According to a report by the National Retail Federation, the merchandise return rate for 2023 was 14.5% of total sales. This means that for every $1 billion in sales, the average retailer incurs $145 million in merchandise returns. However, for e-commerce retailers, the rate is much higher. According to Shopify, the average return rate for e-commerce is between 20% and 30%. These figures emphasize the critical importance of Warehouse management software for e-commerce sellers seeking to optimize their returns. Having a third or a fifth of the products sold to be returned is a major driver of lost revenue, increased operational costs, and decreased profit margins. Another key benefit of WMS is its ability to efficiently manage product returns, which is essential for maintaining customer satisfaction and streamlining warehouse operations in omnichannel retail.

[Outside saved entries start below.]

Lemma poly_sum_ord n f : (size f <= n)%N -> f = \sum_(i < n) f`_i *: 'X^i.
Proof.
move=> le_fn; rewrite -poly_def; apply/polyP => i; rewrite coef_poly.
by case: ltnP => // le_ni; rewrite nth_default // (leq_trans le_fn).
Qed.

Lemma revpE n f : (size f <= n)%N -> revp n f = \sum_(i < n) f`_i *: 'X^(n.-1 - i).
Proof.
move=> le_fn; rewrite {1}(poly_sum_ord le_fn) linear_sum.
by apply: eq_bigr => i _; rewrite linearZ /= revpXn.
Qed.

Lemma revpM a b f g : (0 < a)%N -> (0 < b)%N -> (size f <= a)%N -> (size g <= b)%N ->
  revp (a + b).-1 (f * g) = revp a f * revp b g.
Proof.
move=> a_gt0 b_gt0 le_fa le_gb.
rewrite {1}(poly_sum_ord le_fa) {1}(poly_sum_ord le_gb) (revpE le_fa) (revpE le_gb).
rewrite !mulr_suml linear_sum; apply: eq_bigr => i _.
rewrite !mulr_sumr linear_sum; apply: eq_bigr => j _.
rewrite -scalerAl -scalerAr scalerA linearZ /= -scalerAl -scalerAr scalerA -!exprD.
have lt_ia := ltn_ord i; have lt_jb := ltn_ord j.
by rewrite revpXn; [congr (_ *: 'X^_) | ]; lia.
Qed.

Lemma revpK n f : (size f <= n)%N -> revp n (revp n f) = f.
Proof.
move=> le_fn; apply/polyP => i; rewrite !coef_revp.
case: ltnP => [lt_in | le_ni]; last by rewrite nth_default // (leq_trans le_fn).
by rewrite ifT; [congr f`_ _ |]; lia.
Qed.

Lemma recip_revp f : recip f = revp (size f) f.
Proof. by apply/polyP => i; rewrite coef_poly coef_revp subn1. Qed.

Lemma size_recip f : f`_0 != 0 -> size (recip f) = size f.
Proof. by move=> f0_neq0; rewrite size_poly_eq // subn1 subnn. Qed.

Lemma self_reciprocal_dvdp f : f`_0 != 0 -> recip f %| f -> self_reciprocal f.
Proof.
move=> f0_neq0 rf_f; have f_neq0 : f != 0 by apply: contraNneq f0_neq0 => ->; rewrite coef0.
split=> //; have /eqpP [[c1 c2] /= /andP [c1_neq0 _] Ec] : recip f %= f.
  by rewrite -dvdp_size_eqp // size_recip.
by exists (c2 / c1); rewrite -[recip f]scale1r -(mulVf c1_neq0) -scalerA Ec scalerA mulrC.
Qed.

Lemma coefM_revp n (u v : {poly F}) : (size v <= n.+1)%N ->
  (u * revp n.+1 v)`_n = \sum_(i < n.+1) u`_i * v`_i.
Proof.
move=> le_vn; rewrite coefM; apply: eq_bigr => i _; rewrite coef_revp.
have lt_in := ltn_ord i.
by rewrite ifT; [congr (_ * v`_ _) |]; lia.
Qed.

End Reversal.

Section Congruence.
Variables (F : fieldType) (d : {poly F}).
Implicit Types p q r : {poly F}.

Definition eqmodp p q := d %| p - q.

Lemma eqmodp_refl p : eqmodp p p.
Proof. by rewrite /eqmodp subrr dvdp0. Qed.

Lemma eqmodp_trans q p r : eqmodp p q -> eqmodp q r -> eqmodp p r.
Proof. by move=> dpq dqr; rewrite /eqmodp -(subrKA q) dvdp_add. Qed.

Lemma eqmodpM p q p' q' : eqmodp p p' -> eqmodp q q' -> eqmodp (p * q) (p' * q').
Proof.
move=> dp dq; rewrite /eqmodp (_ : _ - _ = q * (p - p') + p' * (q - q')); last by ring.
by rewrite dvdp_add ?dvdp_mull.
Qed.

Lemma eqmodp_modp p : eqmodp (p %% d) p.
Proof.
by rewrite /eqmodp {2}(divp_eq p d) opprD addrCA subrr addr0 dvdpNr dvdp_mull.
Qed.

Lemma eqmodp0 p : eqmodp p 0 = (d %| p).
Proof. by rewrite /eqmodp subr0. Qed.

End Congruence.

Lemma gcdp_dvdp_separable (F : fieldType) (p g11 g12 g22 : {poly F}) :
  separable_poly p -> g11 %| p -> g11 * g22 %| p * g12 -> gcdp g11 g22 %| g12.
Proof.
move=> sep_p g11_p g_code; set g := gcdp g11 g22.
have /dvdpP [h p_hg] : g %| p := dvdp_trans (dvdp_gcdl _ _) g11_p.
have g_neq0 : g != 0.
  by apply: contraTneq (separable_poly_neq0 sep_p) => g_eq0; rewrite p_hg g_eq0 mulr0 eqxx.
have coprime_gh : coprimep g h by apply: (separable_coprime sep_p); rewrite p_hg mulrC.
rewrite -(Gauss_dvdpr _ coprime_gh) -(dvdp_mul2r _ _ g_neq0).
apply: dvdp_trans (dvdp_mul (dvdp_gcdl _ _) (dvdp_gcdr _ _)) _.
by rewrite mulrAC -p_hg.
Qed.

Section CyclicDual.
Variables (F : fieldType) (m : nat).
Hypothesis m_gt0 : (0 < m)%N.
Local Notation xm := (xm1 F m).
Local Notation conjp p := (p \Po 'X^(m.-1)).

Lemma size_xm : size xm = m.+1.
Proof. by rewrite /xm1 -polyC1 size_XnsubC. Qed.

Lemma xm_neq0 : xm != 0.
Proof. by rewrite -size_poly_eq0 size_xm. Qed.

Lemma size_modp_xm (p : {poly F}) : (size (p %% xm)%R <= m)%N.
Proof. by rewrite -ltnS -size_xm ltn_modp xm_neq0. Qed.

Lemma xm_dvd_XnM_sub1 k : xm %| 'X^(m * k) - 1.
Proof. by rewrite exprM subrX1 dvdp_mulr. Qed.

Lemma xm_dvd_conjp_xm : xm %| conjp xm.
Proof.
by rewrite /xm1 comp_polyB comp_Xn_poly comp_polyC -exprM mulnC xm_dvd_XnM_sub1.
Qed.

Lemma eqmodp_conjp (p q : {poly F}) : eqmodp xm p q -> eqmodp xm (conjp p) (conjp q).
Proof.
by case/dvdpP => r pq; rewrite /eqmodp -comp_polyB pq comp_polyM dvdp_mull // xm_dvd_conjp_xm.
Qed.

(* Modulo x^m - 1, x^(m-1) is the inverse of x: conjp is the involution
   x |-> x^-1 of R, and reversal is conjugation up to a power of x. *)
Lemma revp_eqmodp_conjp n (p : {poly F}) : (0 < n)%N -> (size p <= n)%N ->
  eqmodp xm (revp n p) ('X^(n.-1) * conjp p).
Proof.
move=> n_gt0 le_pn; rewrite /eqmodp (revpE le_pn) {2}(poly_sum_ord le_pn).
rewrite linear_sum mulr_sumr -sumrB.
apply: (big_ind (fun r => xm %| r)) => [|r s|i _]; [exact: dvdp0 | exact: dvdp_add |].
have lt_in := ltn_ord i.
rewrite /= comp_polyZ comp_Xn_poly -exprM -scalerAr -scalerBr -exprD -mul_polyC dvdp_mull //.
rewrite (_ : (n.-1 + m.-1 * i = n.-1 - i + m * i)%N); last by nia.
rewrite exprD -[X in X - _]mulr1 -mulrBr dvdp_mull //.
by rewrite -dvdpNr opprB xm_dvd_XnM_sub1.
Qed.

Lemma coef_modp_xm (p : {poly F}) :
  (size p <= (m + m).-1)%N -> (p %% xm)`_(m.-1) = p`_(m.-1).
Proof.
move=> le_p; rewrite {2}(divp_eq p xm) coefD /xm1 mulrBr mulr1 coefB coefMXn.
have -> : (p %/ xm)`_(m.-1) = 0.
  by rewrite nth_default // size_divp ?xm_neq0 // size_xm leq_subLR (leq_trans le_p); lia.
by rewrite ltn_predL m_gt0 subrr add0r.
Qed.

Lemma dotp_coef_modp (u v : {poly F}) : (size u <= m)%N -> (size v <= m)%N ->
  \sum_(i < m) u`_i * v`_i = ((u * revp m v) %% xm)`_(m.-1).
Proof.
move=> le_um le_vm; rewrite -(prednK m_gt0) -coefM_revp ?prednK // coef_modp_xm //.
apply: leq_trans (size_polyMleq _ _) _; have := size_poly m (fun i => v`_(m.-1 - i)).
rewrite -/(revp m v); lia.
Qed.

Why E-commerce Returns Are Costly

The costs of e-commerce returns are significant and contribute to the high cost. Unlike brick-and-mortar stores, where customers can inspect products before purchase, online shoppers rely on descriptions and images, often leading to mismatches between expectations and reality. This difference leads to an increase in the return rate for e-commerce transactions.

The costs associated with e-commerce returns can be multifaceted without a Returns management system:

  1. Logistics Costs: The expenses involved in handling, shipping, and restocking returned items can be substantial with additional shipping and handling costs.
  2. Inventory Management: Returns can disrupt inventory accuracy and complicate stock management, particularly if items are damaged or no longer in demand.
  3. Customer Service: Managing returns involves additional customer service resources to handle queries, process returns and provide refunds or exchanges.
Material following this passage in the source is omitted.